Python is a versatile programming language, but it doesn’t come with all the tools we need
Packages are collections of functions that extend Python’s capabilities
There are thousands of packages available, and we can install them using conda install or pip install

We will also learn about variables and lists
Variables are containers that store data values
Lists are collections of items that can be of different types
Today, we will learn how to create, access, and modify variables and lists

Python environments

What is a Python environment?

A Python environment is a self-contained directory that contains a specific Python interpreter and a collection of packages
It allows you to manage dependencies and avoid conflicts between different projects
You can create multiple environments with different versions of Python and packages
Each environment is isolated from others, ensuring that changes in one environment do not affect others
You can create, activate, and deactivate environments using the command line or Anaconda Navigator
The default environment is called base, and it is created when you install Anaconda

Creating and managing environments with the command line

For this course, we will use the base environment
But you are free to create your own environments if you want!
There are two ways to create environments:
- Using the command line: conda create -n qtm151 python=3.12
- Using Anaconda Navigator: Go to the “Environments” tab and click on “Create”
After creating an environment in the command line, you can activate it using the command line: conda activate qtm151
To remove a package from an environment, use the command line: conda remove package_name
To deactivate an environment, use the command line: conda deactivate
To remove an environment, use the command line: conda remove -n qtm151 --all

# Create a new environment called qtm151
conda create -n qtm151 python=3.12

# Activate the qtm151 environment
conda activate qtm151

# Install the required packages
conda install numpy pandas matplotlib jupyter

# Deactivate the current environment
conda deactivate

# Remove the qtm151 environment
conda remove -n qtm151 --all

Windows users, please open the Anaconda PowerShell Prompt instead of the regular command line.

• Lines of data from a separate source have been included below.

(* Assume $F\in\mathbb C^{n\times n}$ is Hermitian. Define Hermitian matrices $T_k\in\mathbb C^{k\times k}$ recursively by $$T_1=\frac{1+V_1^*FV_1}{2a_1},$$ and, for $k\ge2$, $$T_k=P_k^{-*}\left(\begin{bmatrix}T_{k-1}&0\\0&2a_k\end{bmatrix}+\frac1{2a_k}Q_k^{-*}V_k^*FV_kQ_k^{-1}\right)P_k^{-1},$$ where $$Q_k=\frac{1}{-2a_k}\begin{bmatrix}D_k&0\\ \mathbf 1_{k-1}^T&1\end{bmatrix},\qquad D_k=\operatorname{diag}(\alpha_k-\alpha_1,\dots,\alpha_k-\alpha_{k-1}),$$ and $P_k^{-1}$ is the $k\times k$ matrix $$P_k^{-1}=\begin{bmatrix}\operatorname{diag}\!\Big(\frac{\alpha_1-\alpha_k}{\alpha_1+\bar\alpha_k},\dots,\frac{\alpha_{k-1}-\alpha_k}{\alpha_{k-1}+\bar\alpha_k}\Big)&0\\ \Big(\frac{-1}{\alpha_1+\bar\alpha_k},\dots,\frac{-1}{\alpha_{k-1}+\bar\alpha_k}\Big)&\frac{-1}{2a_k}\end{bmatrix}$$ (with $P_k^{-*}$ its conjugate transpose). Then for every $k\ge1$, $$\Lambda_k^*T_k+T_k\Lambda_k-V_k^*FV_k-\mathbf 1\mathbf 1^*=0,$$ equivalently $T_k(i,j)=\dfrac{1+(V_k^*FV_k)_{ij}}{\bar\alpha_i+\alpha_j}$ for all $1\le i,j\le k$. In particular, the leading $(k-1)\times(k-1)$ principal submatrix of $T_k$ equals $T_{k-1}$.
   Context: Let $A\in\mathbb C^{n\times n}$ and $C\in\mathbb C^{1\times n}$; $M^*$ denotes the conjugate transpose. Let $\alpha_1,\alpha_2,\dots\in\mathbb C$ be pairwise distinct with $a_j:=\operatorname{Re}(\alpha_j)>0$, and such that $-A^*+\alpha_jI$ is nonsingular for all $j$. Set $$V_k=\big[(-A^*+\alpha_1I)^{-1}C^*,\dots,(-A^*+\alpha_kI)^{-1}C^*\big]\in\mathbb C^{n\times k},$$ $\Lambda_k=\operatorname{diag}(\alpha_1,\dots,\alpha_k)$, and $\mathbf 1=[1,\dots,1]^T\in\mathbb R^k$. *)

(* Complex numbers: an arbitrary numClosedFieldType C
   (algebraically closed field with conjugation and order on reals), which
   covers the complex numbers; everything in the statement is algebraic. *)
From HB Require Import structures.
From mathcomp Require Import all_boot all_order all_algebra.
Set Implicit Arguments. Unset Strict Implicit. Unset Printing Implicit Defensive.
Import Order.TTheory GRing.Theory Num.Theory Num.Def.
Local Open Scope ring_scope.

Section Defs.
Variable C : numClosedFieldType.

Definition adjmx (m p : nat) (M : 'M[C]_(m, p)) : 'M[C]_(p, m) :=
  (map_mx Num.conj M)^T.

Variables (n : nat) (A : 'M[C]_n) (Cv : 'M[C]_(1, n)) (F : 'M[C]_n).
(* alpha is 0-indexed: alpha 0 = alpha_1, ..., alpha (k-1) = alpha_k *)
Variable alpha : nat -> C.

Definition re_a (j : nat) : C := 'Re (alpha j).

Definition Vmat (k : nat) : 'M[C]_(n, k) :=
  \matrix_(i < n, j < k) (invmx (- adjmx A + (alpha j)%:M) *m adjmx Cv) i ord0.

Definition Lam (k : nat) : 'M[C]_k := diag_mx (\row_(j < k) alpha j).

(* For the step producing T of size k.+2 (paper's index k+2, new alpha = alpha k.+1):
   D = diag(alpha_new - alpha_1, ..., alpha_new - alpha_{k+1}) *)
Definition Dmat (k : nat) : 'M[C]_k.+1 :=
  diag_mx (\row_(j < k.+1) (alpha k.+1 - alpha j)).

Definition Qmat (k : nat) : 'M[C]_k.+2 :=
  castmx (addn1 _, addn1 _)
    ((- (2 * re_a k.+1))^-1 *: block_mx (Dmat k) 0 (const_mx 1) (1%:M : 'M[C]_1)).

Definition Pinv (k : nat) : 'M[C]_k.+2 :=
  castmx (addn1 _, addn1 _)
    (block_mx
       (diag_mx (\row_(j < k.+1)
          ((alpha j - alpha k.+1) / (alpha j + Num.conj (alpha k.+1)))))
       0
       (\row_(j < k.+1) (- 1 / (alpha j + Num.conj (alpha k.+1))))
       ((- 1 / (2 * re_a k.+1))%:M : 'M[C]_1)).

(* Tmat k is the paper's T_{k+1} (size k+1) *)
Fixpoint Tmat (k : nat) : 'M[C]_k.+1 :=
  match k with
  | 0 => ((1 + (adjmx (Vmat 1) *m F *m Vmat 1) ord0 ord0) / (2 * re_a 0))%:M
  | k'.+1 =>
      adjmx (Pinv k') *m
        (castmx (addn1 _, addn1 _)
            (block_mx (Tmat k') 0 0 ((2 * re_a k'.+1)%:M : 'M[C]_1))
         + (2 * re_a k'.+1)^-1 *:
             (adjmx (invmx (Qmat k')) *m (adjmx (Vmat k'.+2) *m F *m Vmat k'.+2)
                *m invmx (Qmat k')))
        *m Pinv k'
  end.

End Defs.

From HB Require Import structures.
From mathcomp Require Import all_boot all_order all_algebra ring.
Set Implicit Arguments. Unset Strict Implicit. Unset Printing Implicit Defensive.
Import Order.TTheory GRing.Theory Num.Theory Num.Def.
Local Open Scope ring_scope.

(* Write G_k = V_k^* F V_k.  The Lyapunov equation
     Lambda_k^* T + T Lambda_k = G_k + 1 1^*
   has the explicit entrywise solution
     lyap_sol G_k (i, j) = (1 + G_k(i, j)) / (conj alpha_i + alpha_j),
   whose denominators never vanish because Re alpha_j > 0.  We show by
   induction on k that the recursion defining T_k produces exactly this
   matrix: the heart of the argument (lemma [lyap_sol_step]) is that, for
   ANY square matrix G, the recursion step applied to lyap_sol of the leading
   principal submatrix of G yields lyap_sol G.  All the matrices involved in
   that step (P_k^{-1}, Q_k and the explicit inverse of Q_k) are "arrowhead"
   matrices, nonzero only on the diagonal and the last row, so each entry of
   the product is an explicit short sum and the identity reduces to
   four rational-function identities, one for each position of (i, j) with
   respect to the last row/column.  Both parts of the theorem then follow:
   lyap_sol G solves the Lyapunov equation, and taking leading principal
   submatrices commutes with lyap_sol and with G_k. *)

(* The bordered matrix [X 0; r c] of size k+2, written with the casts used in
   the definitions of P_k^{-1}, Q_k and T_k. *)
Lemma bordered_mxE (R : pzRingType) k (X : 'M[R]_k.+1) (r : 'rV[R]_k.+1) (c : R)
    (x : 'I_k.+2 -> 'I_k.+2 -> R) (g : 'I_k.+2 -> R)
    (Xx : forall i j, X i j = x (widen_ord (leqnSn _) i) (widen_ord (leqnSn _) j))
    (rg : forall j, r 0 j = g (widen_ord (leqnSn _) j)) (cg : c = g ord_max) (i j : 'I_k.+2) :
  (castmx (addn1 _, addn1 _) (block_mx X 0 r c%:M) : 'M_k.+2) i j =
  if i == ord_max then g j else if j == ord_max then 0 else x i j.
Proof.
have widenE (l : 'I_k.+2) (l' : 'I_k.+1) : l = l' :> nat -> widen_ord (leqnSn _) l' = l.
  by move=> e; apply/val_inj.
rewrite castmxE /block_mx !mxE.
case: splitP => i' /= Hi; rewrite !mxE; case: splitP => j' /= Hj; rewrite ?mxE;
  rewrite -[j == ord_max]val_eqE -[i == ord_max]val_eqE /= ?Hi ?Hj.
- by rewrite !ltn_eqF // Xx (widenE i) // (widenE j).
- by rewrite (ord1 j') addn0 eqxx ltn_eqF.
- by rewrite (ord1 i') addn0 eqxx rg (widenE j).
- rewrite (ord1 i') (ord1 j') addn0 !eqxx mulr1n cg.
  by congr g; apply/val_inj; rewrite /= Hj (ord1 j') addn0.
Qed.

Lemma widen_ord_max_neq m (j : 'I_m.+1) : (widen_ord (leqnSn _) j == ord_max) = false.
Proof. by rewrite -val_eqE /= ltn_eqF. Qed.

Lemma widen_ord_eq m (i j : 'I_m) :
  (widen_ord (leqnSn _) i == widen_ord (leqnSn _) j) = (i == j).
Proof. by []. Qed.

Ltac case_last i j :=
  let i_max := fresh "i_max" in let j_max := fresh "j_max" in
  case: (eqVneq i ord_max) => [i_max|i_max]; case: (eqVneq j ord_max) => [j_max|j_max];
  rewrite ?i_max ?j_max ?eqxx ?(negbTE i_max) ?(negbTE j_max) ?[ord_max == _]eq_sym
    ?(negbTE i_max) ?(negbTE j_max) /=.

(* Arrowhead matrices: the only nonzero off-diagonal entries lie in the last
   row.  Multiplying by such a matrix touches at most two entries. *)
Definition arrowhead (R : pzSemiRingType) k (M : 'M[R]_k.+2) :=
  forall i j : 'I_k.+2, i != j -> i != ord_max -> M i j = 0.

Lemma mulmx_arrowhead (R : pzSemiRingType) k (X M : 'M[R]_k.+2) :
  arrowhead M -> forall i j, (X *m M) i j =
    X i j * M j j + (if j == ord_max then 0 else X i ord_max * M ord_max j).
Proof.
move=> Marrow i j; rewrite mxE (bigD1 j) //=; case: eqP => [->|/eqP j_max].
  by rewrite big1 ?addr0 // => l /eqP l_max; rewrite Marrow ?mulr0 //; apply/eqP.
rewrite (bigD1 ord_max) 1?eq_sym //= big1 ?addr0 // => l /andP [lj l_max].
by rewrite Marrow ?mulr0.
Qed.

Lemma adjmx_arrowhead_mulmx (C : numClosedFieldType) k (X M : 'M[C]_k.+2) :
  arrowhead M -> forall i j, (adjmx M *m X) i j =
    (M i i)^* * X i j + (if i == ord_max then 0 else (M ord_max i)^* * X ord_max j).
Proof.
move=> Marrow i j; rewrite mxE (bigD1 i) //= !mxE; case: eqP => [->|/eqP i_max].
  by rewrite big1 ?addr0 // => l /eqP l_max; rewrite !mxE Marrow ?conjC0 ?mul0r //; apply/eqP.
rewrite (bigD1 ord_max) 1?eq_sym //= big1 ?addr0 ?mxE // => l /andP [li l_max].
by rewrite !mxE Marrow ?conjC0 ?mul0r // eq_sym.
Qed.

(* Conjugation as a field morphism, stated on conj itself so that the
   rewritten terms stay syntactically comparable (e.g. for conjCK). *)
Section ConjMorphism.
Variables (C : numClosedFieldType) (x y : C).
Lemma conjCD : (x + y)^* = x^* + y^*. Proof. exact: rmorphD. Qed.
Lemma conjCB : (x - y)^* = x^* - y^*. Proof. exact: rmorphB. Qed.
Lemma conjCM : (x * y)^* = x^* * y^*. Proof. exact: rmorphM. Qed.
Lemma conjCN : (- x)^* = - x^*. Proof. exact: rmorphN. Qed.
Lemma conjCV : (x^-1)^* = (x^*)^-1. Proof. exact: fmorphV. Qed.
End ConjMorphism.

Lemma adjmx_diag_mulmx (C : numClosedFieldType) m (d : 'rV[C]_m) (S : 'M_m) :
  adjmx (diag_mx d) *m S = \matrix_(i, j) ((d 0 i)^* * S i j).
Proof.
rewrite /adjmx map_diag_mx tr_diag_mx mul_diag_mx.
by apply/matrixP => i j; rewrite !mxE.
Qed.

Definition leading_submx (R : Type) m (G : 'M[R]_m.+1) : 'M[R]_m :=
  \matrix_(i, j) G (widen_ord (leqnSn m) i) (widen_ord (leqnSn m) j).

Section Lyapunov.
Variables (C : numClosedFieldType) (alpha : nat -> C).
Hypothesis alpha_inj : injective alpha.
Hypothesis alpha_re : forall j, 0 < 'Re (alpha j).

Lemma two_re_a j : 2 * re_a alpha j = (alpha j)^* + alpha j.
Proof. by rewrite /re_a ReE mulrC -mulrA mulVf ?mulr1 ?pnatr_eq0 // addrC. Qed.

(* The denominators conj alpha_i + alpha_j have positive real part. *)
Lemma conj_add_neq0 i j : (alpha i)^* + alpha j != 0.
Proof.
apply/eqP => /(congr1 (@Re C)); rewrite raddfD /= Re_conj raddf0 => Re0.
by have := addr_gt0 (alpha_re i) (alpha_re j); rewrite Re0 ltxx.
Qed.

Lemma add_conj_neq0 i j : alpha i + (alpha j)^* != 0.
Proof. by rewrite addrC conj_add_neq0. Qed.

(* The alpha's are pairwise distinct, so D_k is invertible. *)
Lemma sub_alpha_neq0 k (j : 'I_k.+2) : j != ord_max -> alpha k.+1 - alpha j != 0.
Proof.
move=> j_max; rewrite subr_eq0 (inj_eq alpha_inj) eq_sym.
by apply: contra j_max => /eqP jk; apply/eqP/val_inj.
Qed.

Lemma sub_conj_alpha_neq0 k (j : 'I_k.+2) :
  j != ord_max -> (alpha k.+1)^* - (alpha j)^* != 0.
Proof. by move=> j_max; rewrite -conjCB conjC_eq0 sub_alpha_neq0. Qed.

Ltac nonzero := repeat (apply/andP; split); rewrite ?oppr_eq0;
  by [apply: conj_add_neq0 | apply: add_conj_neq0
     | apply: sub_alpha_neq0 | apply: sub_conj_alpha_neq0].

Lemma PinvE k i j : Pinv alpha k i j =
  if i == ord_max then
    (if j == ord_max then -1 / (2 * re_a alpha k.+1) else -1 / (alpha j + (alpha k.+1)^*))
  else if j == ord_max then 0
  else if i == j then (alpha j - alpha k.+1) / (alpha j + (alpha k.+1)^*) else 0.
Proof.
move: i j; apply: bordered_mxE => [i' j'|j'|]; rewrite ?mxE ?widen_ord_max_neq ?eqxx //.
by rewrite widen_ord_eq; case: eqP => [->|_]; rewrite ?mulr1n ?mulr0n.
Qed.

Lemma QmatE k i j : Qmat alpha k i j = (- (2 * re_a alpha k.+1))^-1 *
  (if i == ord_max then 1 else if j == ord_max then 0
   else if i == j then alpha k.+1 - alpha j else 0).
Proof.
rewrite /Qmat castmxE mxE -castmxE; congr (_ * _); move: i j.
apply: bordered_mxE => [i' j'|j'|]; rewrite ?mxE ?widen_ord_max_neq //.
by rewrite widen_ord_eq; case: eqP => [->|_]; rewrite ?mulr1n ?mulr0n.
Qed.

Definition Qinv k : 'M[C]_k.+2 := \matrix_(i, j)
  (if i == ord_max then
     (if j == ord_max then - (2 * re_a alpha k.+1)
      else (2 * re_a alpha k.+1) / (alpha k.+1 - alpha j))
   else if j == ord_max then 0
   else if i == j then - (2 * re_a alpha k.+1) / (alpha k.+1 - alpha j) else 0).

Lemma Pinv_arrowhead k : arrowhead (Pinv alpha k).
Proof. by move=> i j ij i_max; rewrite PinvE (negbTE i_max) (negbTE ij); case: ifP. Qed.

Lemma Qinv_arrowhead k : arrowhead (Qinv k).
Proof. by move=> i j ij i_max; rewrite mxE (negbTE i_max) (negbTE ij); case: ifP. Qed.

Lemma mulmx_Qmat_Qinv k : Qmat alpha k *m Qinv k = 1%:M.
Proof.
apply/matrixP => i j; rewrite mulmx_arrowhead; last exact: Qinv_arrowhead.
rewrite !QmatE !mxE !eqxx two_re_a.
case_last i j.
- by field; nonzero.
- by field; nonzero.
- by rewrite mulr0 mul0r addr0.
- case: (eqVneq i j) => [_|ij]; rewrite ?mulr1n ?mulr0n; first by field; nonzero.
  by rewrite !mulr0 !mul0r addr0.
Qed.

Lemma invmx_Qmat k : invmx (Qmat alpha k) = Qinv k.
Proof.
have [Qunit _] := mulmx1_unit (mulmx_Qmat_Qinv k).
by rewrite -[invmx _]mulmx1 -(mulmx_Qmat_Qinv k) mulmxA mulVmx ?mul1mx.
Qed.

Definition lyap_sol m (G : 'M[C]_m) : 'M[C]_m :=
  \matrix_(i, j) ((1 + G i j) / ((alpha i)^* + alpha j)).

Lemma lyap_solP m (G : 'M[C]_m) :
  adjmx (Lam alpha m) *m lyap_sol G + lyap_sol G *m Lam alpha m - G - const_mx 1 = 0.
Proof.
apply/matrixP => i j.
rewrite /Lam adjmx_diag_mulmx mul_mx_diag !mxE.
by have ? := conj_add_neq0 i j; field.
Qed.

Lemma leading_submx_lyap m (G : 'M[C]_m.+1) :
  leading_submx (lyap_sol G) = lyap_sol (leading_submx G).
Proof. by apply/matrixP => i j; rewrite !mxE. Qed.

Lemma lyap_blockE k (G : 'M[C]_k.+2) i j :
  (castmx (addn1 _, addn1 _) (block_mx (lyap_sol (leading_submx G)) 0 0
     ((2 * re_a alpha k.+1)%:M : 'M_1)) : 'M_k.+2) i j =
  if i == ord_max then (if j == ord_max then 2 * re_a alpha k.+1 else 0)
  else if j == ord_max then 0 else (1 + G i j) / ((alpha i)^* + alpha j).
Proof.
by move: i j; apply: bordered_mxE => [i' j'|j'|]; rewrite ?mxE ?widen_ord_max_neq ?eqxx.
Qed.

Lemma lyap_sol_step k (G : 'M[C]_k.+2) :
  adjmx (Pinv alpha k) *m
    (castmx (addn1 _, addn1 _) (block_mx (lyap_sol (leading_submx G)) 0 0
        ((2 * re_a alpha k.+1)%:M : 'M_1))
     + (2 * re_a alpha k.+1)^-1 *: (adjmx (Qinv k) *m G *m Qinv k))
  *m Pinv alpha k = lyap_sol G.
Proof.
have entryDZ (X Y : 'M[C]_k.+2) c p q : (X + c *: Y) p q = X p q + c * Y p q.
  by rewrite !mxE.
apply/matrixP => i j.
rewrite (mulmx_arrowhead _ (@Pinv_arrowhead k)).
rewrite !(adjmx_arrowhead_mulmx _ (@Pinv_arrowhead k)) !entryDZ !lyap_blockE.
rewrite !(mulmx_arrowhead _ (@Qinv_arrowhead k)).
rewrite !(adjmx_arrowhead_mulmx _ (@Qinv_arrowhead k)).
rewrite !PinvE /Qinv !mxE !eqxx !two_re_a.
case_last i j;
  rewrite ?(conjCD, conjCB, conjCM, conjCN, conjC1, conjC0, conjCV, conjCK);
  by field; nonzero.
Qed.

Variables (n : nat) (A : 'M[C]_n) (Cv : 'M[C]_(1, n)) (F : 'M[C]_n).

Definition gram m : 'M[C]_m := adjmx (Vmat A Cv alpha m) *m F *m Vmat A Cv alpha m.

Lemma leading_submx_gram m : leading_submx (gram m.+1) = gram m.
Proof.
apply/matrixP => i j; rewrite !mxE; apply: eq_bigr => l _; rewrite !mxE.
by congr (_ * _); apply: eq_bigr => p _; rewrite !mxE.
Qed.

Lemma Tmat_lyap k : Tmat A Cv F alpha k = lyap_sol (gram k.+1).
Proof.
elim: k => [|k IH].
  apply/matrixP => i j; rewrite (ord1 i) (ord1 j) /= !mxE /= two_re_a.
  by rewrite mulr1n.
by rewrite /= IH -leading_submx_gram invmx_Qmat lyap_sol_step.
Qed.

Lemma leading_submx_Tmat k : leading_submx (Tmat A Cv F alpha k.+1) = Tmat A Cv F alpha k.
Proof. by rewrite !Tmat_lyap leading_submx_lyap leading_submx_gram. Qed.

End Lyapunov.

Theorem proposition6p1 (C : numClosedFieldType) (n : nat)
  (A : 'M[C]_n) (Cv : 'M[C]_(1, n)) (F : 'M[C]_n) (alpha : nat -> C)
  (Halpha_inj : injective alpha)
  (Halpha_re : forall j, 0 < 'Re (alpha j))
  (Hunit : forall j, (- adjmx A + (alpha j)%:M) \in unitmx)
  (Fherm : adjmx F = F) :
  forall k : nat,
    adjmx (Lam alpha k.+1) *m Tmat A Cv F alpha k
      + Tmat A Cv F alpha k *m Lam alpha k.+1
      - adjmx (Vmat A Cv alpha k.+1) *m F *m Vmat A Cv alpha k.+1
      - const_mx 1 = 0
    /\ (\matrix_(i < k.+1, j < k.+1)
          Tmat A Cv F alpha k.+1 (widen_ord (leqnSn k.+1) i) (widen_ord (leqnSn k.+1) j))
       = Tmat A Cv F alpha k.
Proof.
move=> k; split.
- by rewrite (Tmat_lyap Halpha_inj Halpha_re) lyap_solP.
- exact: leading_submx_Tmat.
Qed.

More info here.
You can also run the following command in VSCode’s terminal:

conda update conda
conda init

Python packages 📦

Installing packages

There are several ways to install packages in Python
The two most common ways are pip and conda
pip is the Python package installer, which comes pre-installed with Python
conda is the package manager that comes with Anaconda, and it is even more user-friendly
We will use conda to install packages in this course
You can install packages using the command conda install package in the terminal or go to the Anaconda Navigator and install them from there

In Anaconda Navigator, you can search for packages in the “Environments” tab
The main packages we will use are:
- numpy: for numerical computing
- pandas: for data manipulation
- matplotlib: for data visualisation
You should have them installed already, as they come with the base Anaconda installation
If not, please try to install them using the Anaconda Navigator

Tip

More information on installing packages can be found at https://conda.io/projects/conda/en/latest/user-guide/tasks/manage-pkgs.html

Setting up your workspace: VSCode & Jupyter

We will use Visual Studio Code (VSCode) as our code editor
VSCode is a lightweight, open-source code editor that supports many programming languages, including Python
It has excellent support for Jupyter Notebooks, making it a great choice for data science projects
Ensure VS Code Uses Your Anaconda Python (Kernel Selection):
- When you open or create a .ipynb file in VS Code, it needs to know which Python installation (kernel) to use.
- Look for the kernel indicator (usually top-right). If it’s not set or incorrect (e.g., not pointing to your Anaconda Python), click it.
- Choose “Python Environments” and select the Python version associated with your Anaconda installation.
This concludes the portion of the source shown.